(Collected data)
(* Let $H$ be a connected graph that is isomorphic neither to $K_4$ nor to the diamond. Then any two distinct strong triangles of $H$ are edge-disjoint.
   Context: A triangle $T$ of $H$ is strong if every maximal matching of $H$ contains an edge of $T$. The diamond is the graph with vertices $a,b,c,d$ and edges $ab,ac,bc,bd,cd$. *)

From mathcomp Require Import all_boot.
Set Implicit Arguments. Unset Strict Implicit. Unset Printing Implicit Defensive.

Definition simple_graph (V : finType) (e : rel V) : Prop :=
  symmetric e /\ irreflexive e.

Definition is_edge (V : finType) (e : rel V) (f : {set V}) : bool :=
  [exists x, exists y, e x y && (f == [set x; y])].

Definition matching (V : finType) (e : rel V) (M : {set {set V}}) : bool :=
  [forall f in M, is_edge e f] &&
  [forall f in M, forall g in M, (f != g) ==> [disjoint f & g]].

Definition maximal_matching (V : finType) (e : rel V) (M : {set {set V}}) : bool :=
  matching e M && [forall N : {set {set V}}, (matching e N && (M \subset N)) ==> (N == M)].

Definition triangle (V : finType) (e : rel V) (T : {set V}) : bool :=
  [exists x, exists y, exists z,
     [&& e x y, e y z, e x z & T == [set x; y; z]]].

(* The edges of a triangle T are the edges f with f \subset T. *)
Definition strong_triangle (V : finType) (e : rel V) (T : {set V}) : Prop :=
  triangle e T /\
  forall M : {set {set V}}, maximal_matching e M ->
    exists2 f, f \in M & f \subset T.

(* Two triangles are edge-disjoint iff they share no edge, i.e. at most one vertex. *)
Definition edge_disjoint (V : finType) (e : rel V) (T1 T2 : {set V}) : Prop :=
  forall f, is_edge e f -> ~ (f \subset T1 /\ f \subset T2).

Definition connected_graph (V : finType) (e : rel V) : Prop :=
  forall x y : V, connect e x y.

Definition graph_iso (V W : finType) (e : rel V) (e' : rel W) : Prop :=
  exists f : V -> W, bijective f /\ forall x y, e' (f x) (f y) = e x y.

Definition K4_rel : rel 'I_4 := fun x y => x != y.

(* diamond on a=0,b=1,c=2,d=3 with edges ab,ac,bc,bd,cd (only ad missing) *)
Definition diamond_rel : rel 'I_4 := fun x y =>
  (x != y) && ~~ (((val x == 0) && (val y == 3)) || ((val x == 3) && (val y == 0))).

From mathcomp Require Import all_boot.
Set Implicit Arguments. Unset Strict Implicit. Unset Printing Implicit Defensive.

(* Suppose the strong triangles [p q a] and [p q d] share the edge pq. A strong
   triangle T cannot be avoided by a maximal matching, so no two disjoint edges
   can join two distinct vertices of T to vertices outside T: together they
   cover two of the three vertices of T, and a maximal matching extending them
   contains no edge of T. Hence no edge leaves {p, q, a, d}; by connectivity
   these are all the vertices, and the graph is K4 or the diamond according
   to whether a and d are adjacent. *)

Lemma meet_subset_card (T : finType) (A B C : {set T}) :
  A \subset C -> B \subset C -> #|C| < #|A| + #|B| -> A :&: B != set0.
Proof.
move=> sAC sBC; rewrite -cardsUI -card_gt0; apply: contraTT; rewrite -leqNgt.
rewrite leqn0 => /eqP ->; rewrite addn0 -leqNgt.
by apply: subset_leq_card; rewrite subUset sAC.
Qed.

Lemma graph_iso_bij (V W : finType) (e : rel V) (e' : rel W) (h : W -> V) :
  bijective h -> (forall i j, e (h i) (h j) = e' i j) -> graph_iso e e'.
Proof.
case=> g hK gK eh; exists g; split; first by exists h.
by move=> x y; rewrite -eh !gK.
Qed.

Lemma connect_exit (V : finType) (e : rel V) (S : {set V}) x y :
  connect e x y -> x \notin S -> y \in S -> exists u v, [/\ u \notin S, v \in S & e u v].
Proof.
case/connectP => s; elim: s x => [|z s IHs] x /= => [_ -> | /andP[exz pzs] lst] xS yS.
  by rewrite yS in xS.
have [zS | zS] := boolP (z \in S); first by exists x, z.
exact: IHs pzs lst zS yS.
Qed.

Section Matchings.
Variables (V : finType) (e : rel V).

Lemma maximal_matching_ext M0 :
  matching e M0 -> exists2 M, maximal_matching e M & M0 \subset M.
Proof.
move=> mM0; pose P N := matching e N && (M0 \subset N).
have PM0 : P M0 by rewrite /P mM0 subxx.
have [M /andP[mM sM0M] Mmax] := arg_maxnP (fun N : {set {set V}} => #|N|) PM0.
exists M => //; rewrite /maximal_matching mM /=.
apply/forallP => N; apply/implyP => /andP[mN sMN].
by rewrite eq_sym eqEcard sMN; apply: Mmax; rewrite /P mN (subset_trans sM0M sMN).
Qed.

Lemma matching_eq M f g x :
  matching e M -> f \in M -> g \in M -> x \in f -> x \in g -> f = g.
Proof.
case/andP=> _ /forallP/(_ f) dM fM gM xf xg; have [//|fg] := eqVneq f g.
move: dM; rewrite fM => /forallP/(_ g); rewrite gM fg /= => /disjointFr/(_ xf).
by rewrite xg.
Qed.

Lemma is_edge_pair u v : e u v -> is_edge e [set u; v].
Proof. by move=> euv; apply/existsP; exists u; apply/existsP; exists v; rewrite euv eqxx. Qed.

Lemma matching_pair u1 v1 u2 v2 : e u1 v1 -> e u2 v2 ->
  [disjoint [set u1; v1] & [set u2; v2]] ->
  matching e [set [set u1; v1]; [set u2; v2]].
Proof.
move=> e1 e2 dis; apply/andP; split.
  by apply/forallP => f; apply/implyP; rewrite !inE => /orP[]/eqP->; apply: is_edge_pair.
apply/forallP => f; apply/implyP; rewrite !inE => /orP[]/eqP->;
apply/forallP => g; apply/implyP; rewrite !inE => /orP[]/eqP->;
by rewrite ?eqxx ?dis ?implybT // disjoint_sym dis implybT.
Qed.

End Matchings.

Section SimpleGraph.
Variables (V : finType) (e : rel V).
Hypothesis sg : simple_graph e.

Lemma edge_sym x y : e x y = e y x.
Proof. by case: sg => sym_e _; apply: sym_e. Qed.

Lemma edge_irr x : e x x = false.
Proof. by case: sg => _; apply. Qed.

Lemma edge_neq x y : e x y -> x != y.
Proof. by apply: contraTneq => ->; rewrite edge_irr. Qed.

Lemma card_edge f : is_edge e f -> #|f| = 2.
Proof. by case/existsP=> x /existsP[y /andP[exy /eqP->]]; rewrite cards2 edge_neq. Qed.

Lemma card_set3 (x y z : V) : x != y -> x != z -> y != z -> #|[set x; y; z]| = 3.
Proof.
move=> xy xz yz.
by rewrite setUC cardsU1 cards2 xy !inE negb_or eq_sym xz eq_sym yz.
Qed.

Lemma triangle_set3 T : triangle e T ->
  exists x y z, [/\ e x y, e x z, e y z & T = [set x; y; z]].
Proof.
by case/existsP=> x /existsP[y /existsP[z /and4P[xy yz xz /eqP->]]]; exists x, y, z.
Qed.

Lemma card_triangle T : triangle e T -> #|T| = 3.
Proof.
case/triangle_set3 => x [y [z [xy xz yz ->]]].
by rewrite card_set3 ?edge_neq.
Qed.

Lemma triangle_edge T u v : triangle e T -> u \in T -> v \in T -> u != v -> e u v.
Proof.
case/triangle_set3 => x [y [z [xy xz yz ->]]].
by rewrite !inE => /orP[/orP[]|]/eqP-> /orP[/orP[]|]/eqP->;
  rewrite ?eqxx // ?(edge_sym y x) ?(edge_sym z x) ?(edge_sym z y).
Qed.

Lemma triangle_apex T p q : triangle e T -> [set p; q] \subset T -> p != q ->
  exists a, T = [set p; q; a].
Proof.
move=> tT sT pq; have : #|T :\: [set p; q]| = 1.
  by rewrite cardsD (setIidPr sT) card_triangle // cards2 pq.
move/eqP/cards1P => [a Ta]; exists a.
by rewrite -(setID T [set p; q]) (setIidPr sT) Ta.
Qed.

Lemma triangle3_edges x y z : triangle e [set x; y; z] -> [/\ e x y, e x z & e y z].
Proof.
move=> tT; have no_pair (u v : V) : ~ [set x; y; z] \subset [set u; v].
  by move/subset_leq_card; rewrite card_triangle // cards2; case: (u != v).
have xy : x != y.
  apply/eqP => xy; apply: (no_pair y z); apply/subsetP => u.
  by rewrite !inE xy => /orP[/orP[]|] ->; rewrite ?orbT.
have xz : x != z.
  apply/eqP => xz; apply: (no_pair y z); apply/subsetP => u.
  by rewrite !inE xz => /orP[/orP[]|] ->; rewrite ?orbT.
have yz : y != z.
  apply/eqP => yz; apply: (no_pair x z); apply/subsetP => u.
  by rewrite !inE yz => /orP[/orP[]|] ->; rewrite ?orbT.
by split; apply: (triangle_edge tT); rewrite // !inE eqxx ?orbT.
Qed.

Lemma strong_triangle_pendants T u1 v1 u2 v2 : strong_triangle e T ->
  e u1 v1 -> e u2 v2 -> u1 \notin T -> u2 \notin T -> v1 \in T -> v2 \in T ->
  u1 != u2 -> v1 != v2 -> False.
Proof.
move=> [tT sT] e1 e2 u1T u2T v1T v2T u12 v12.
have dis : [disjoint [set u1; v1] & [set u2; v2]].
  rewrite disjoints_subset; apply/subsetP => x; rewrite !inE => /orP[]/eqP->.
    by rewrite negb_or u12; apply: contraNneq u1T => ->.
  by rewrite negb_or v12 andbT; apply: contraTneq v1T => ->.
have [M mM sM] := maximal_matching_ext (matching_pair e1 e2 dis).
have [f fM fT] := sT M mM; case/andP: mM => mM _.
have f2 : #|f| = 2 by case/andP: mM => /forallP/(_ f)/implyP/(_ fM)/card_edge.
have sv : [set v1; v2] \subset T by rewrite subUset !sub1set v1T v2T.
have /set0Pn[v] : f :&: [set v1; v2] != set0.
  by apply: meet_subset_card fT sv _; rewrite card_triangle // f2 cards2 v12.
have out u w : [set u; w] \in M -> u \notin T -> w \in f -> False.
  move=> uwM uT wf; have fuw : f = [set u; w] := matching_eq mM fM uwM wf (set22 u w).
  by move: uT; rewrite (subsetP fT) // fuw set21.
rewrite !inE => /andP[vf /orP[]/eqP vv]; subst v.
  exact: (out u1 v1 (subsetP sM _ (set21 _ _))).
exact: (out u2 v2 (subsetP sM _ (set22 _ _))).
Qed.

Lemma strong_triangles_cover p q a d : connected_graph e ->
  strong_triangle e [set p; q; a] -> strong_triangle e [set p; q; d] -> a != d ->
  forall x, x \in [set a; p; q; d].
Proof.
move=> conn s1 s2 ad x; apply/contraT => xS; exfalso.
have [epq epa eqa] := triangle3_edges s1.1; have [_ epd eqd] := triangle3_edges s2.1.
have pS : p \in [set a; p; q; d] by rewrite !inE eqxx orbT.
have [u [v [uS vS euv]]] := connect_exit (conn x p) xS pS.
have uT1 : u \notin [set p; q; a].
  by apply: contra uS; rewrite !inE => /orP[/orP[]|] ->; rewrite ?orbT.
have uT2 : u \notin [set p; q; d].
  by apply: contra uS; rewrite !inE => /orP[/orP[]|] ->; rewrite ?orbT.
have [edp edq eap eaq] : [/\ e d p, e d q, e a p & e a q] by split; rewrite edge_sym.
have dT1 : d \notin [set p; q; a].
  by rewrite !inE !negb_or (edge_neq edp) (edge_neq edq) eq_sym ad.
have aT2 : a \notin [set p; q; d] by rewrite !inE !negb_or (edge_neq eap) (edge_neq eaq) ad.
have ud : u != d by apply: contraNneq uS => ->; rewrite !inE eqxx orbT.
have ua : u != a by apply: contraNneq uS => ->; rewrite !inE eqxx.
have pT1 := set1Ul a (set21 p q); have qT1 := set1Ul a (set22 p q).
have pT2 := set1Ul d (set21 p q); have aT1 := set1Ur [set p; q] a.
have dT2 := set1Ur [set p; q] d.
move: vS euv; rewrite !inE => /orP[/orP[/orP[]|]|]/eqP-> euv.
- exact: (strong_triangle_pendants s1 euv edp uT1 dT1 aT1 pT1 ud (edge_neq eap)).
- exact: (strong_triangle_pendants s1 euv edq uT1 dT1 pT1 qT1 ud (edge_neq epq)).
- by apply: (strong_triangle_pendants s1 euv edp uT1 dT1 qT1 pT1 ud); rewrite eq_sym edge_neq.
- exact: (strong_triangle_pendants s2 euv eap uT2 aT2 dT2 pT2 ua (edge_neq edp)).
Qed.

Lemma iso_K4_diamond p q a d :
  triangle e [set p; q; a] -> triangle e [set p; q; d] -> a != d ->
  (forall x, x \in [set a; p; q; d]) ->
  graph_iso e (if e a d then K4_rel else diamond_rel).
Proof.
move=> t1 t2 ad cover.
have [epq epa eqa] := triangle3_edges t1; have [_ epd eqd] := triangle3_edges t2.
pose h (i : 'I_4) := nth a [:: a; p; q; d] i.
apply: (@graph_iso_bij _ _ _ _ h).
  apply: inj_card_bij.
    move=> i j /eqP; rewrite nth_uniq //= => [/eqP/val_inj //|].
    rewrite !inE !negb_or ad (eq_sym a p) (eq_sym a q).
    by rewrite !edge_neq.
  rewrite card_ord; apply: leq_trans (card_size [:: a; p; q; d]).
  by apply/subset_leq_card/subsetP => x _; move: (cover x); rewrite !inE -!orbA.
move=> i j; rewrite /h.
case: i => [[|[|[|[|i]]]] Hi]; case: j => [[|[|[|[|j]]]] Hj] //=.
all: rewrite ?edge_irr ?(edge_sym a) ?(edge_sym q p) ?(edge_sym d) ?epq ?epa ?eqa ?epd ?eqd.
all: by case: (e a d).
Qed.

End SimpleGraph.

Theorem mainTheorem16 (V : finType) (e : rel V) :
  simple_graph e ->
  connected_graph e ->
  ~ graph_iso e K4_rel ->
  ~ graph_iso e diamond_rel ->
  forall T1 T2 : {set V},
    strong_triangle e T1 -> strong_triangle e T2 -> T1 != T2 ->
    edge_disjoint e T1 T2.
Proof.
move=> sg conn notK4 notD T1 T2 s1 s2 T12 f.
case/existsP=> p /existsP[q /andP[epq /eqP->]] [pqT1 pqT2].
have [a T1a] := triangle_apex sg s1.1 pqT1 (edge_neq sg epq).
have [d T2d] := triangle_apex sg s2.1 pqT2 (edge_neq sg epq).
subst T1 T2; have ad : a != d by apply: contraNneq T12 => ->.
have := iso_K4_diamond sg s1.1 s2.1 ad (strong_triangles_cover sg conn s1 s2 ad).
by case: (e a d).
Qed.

→ PROBLEM DETAILS
Nothing but the lines from the line containing "triangle e [set p; q; a] -> triangle" through the final line of the entries should appear in your answer, copied exactly.

→ RESPONSE TO THIS TASK
  triangle e [set p; q; a] -> triangle e [set p; q; d] -> a != d ->
  (forall x, x \in [set a; p; q; d]) ->
  graph_iso e (if e a d then K4_rel else diamond_rel).
Proof.
move=> t1 t2 ad cover.
have [epq epa eqa] := triangle3_edges t1; have [_ epd eqd] := triangle3_edges t2.
pose h (i : 'I_4) := nth a [:: a; p; q; d] i.
apply: (@graph_iso_bij _ _ _ _ h).
  apply: inj_card_bij.
    move=> i j /eqP; rewrite nth_uniq //= => [/eqP/val_inj //|].
    rewrite !inE !negb_or ad (eq_sym a p) (eq_sym a q).
    by rewrite !edge_neq.
  rewrite card_ord; apply: leq_trans (card_size [:: a; p; q; d]).
  by apply/subset_leq_card/subsetP => x _; move: (cover x); rewrite !inE -!orbA.
move=> i j; rewrite /h.
case: i => [[|[|[|[|i]]]] Hi]; case: j => [[|[|[|[|j]]]] Hj] //=.
all: rewrite ?edge_irr ?(edge_sym a) ?(edge_sym q p) ?(edge_sym d) ?epq ?epa ?eqa ?epd ?eqd.
all: by case: (e a d).
Qed.

End SimpleGraph.

Theorem mainTheorem16 (V : finType) (e : rel V) :
  simple_graph e ->
  connected_graph e ->
  ~ graph_iso e K4_rel ->
  ~ graph_iso e diamond_rel ->
  forall T1 T2 : {set V},
    strong_triangle e T1 -> strong_triangle e T2 -> T1 != T2 ->
    edge_disjoint e T1 T2.
Proof.
move=> sg conn notK4 notD T1 T2 s1 s2 T12 f.
case/existsP=> p /existsP[q /andP[epq /eqP->]] [pqT1 pqT2].
have [a T1a] := triangle_apex sg s1.1 pqT1 (edge_neq sg epq).
have [d T2d] := triangle_apex sg s2.1 pqT2 (edge_neq sg epq).
subst T1 T2; have ad : a != d by apply: contraNneq T12 => ->.
have := iso_K4_diamond sg s1.1 s2.1 ad (strong_triangles_cover sg conn s1 s2 ad).
by case: (e a d).
Qed.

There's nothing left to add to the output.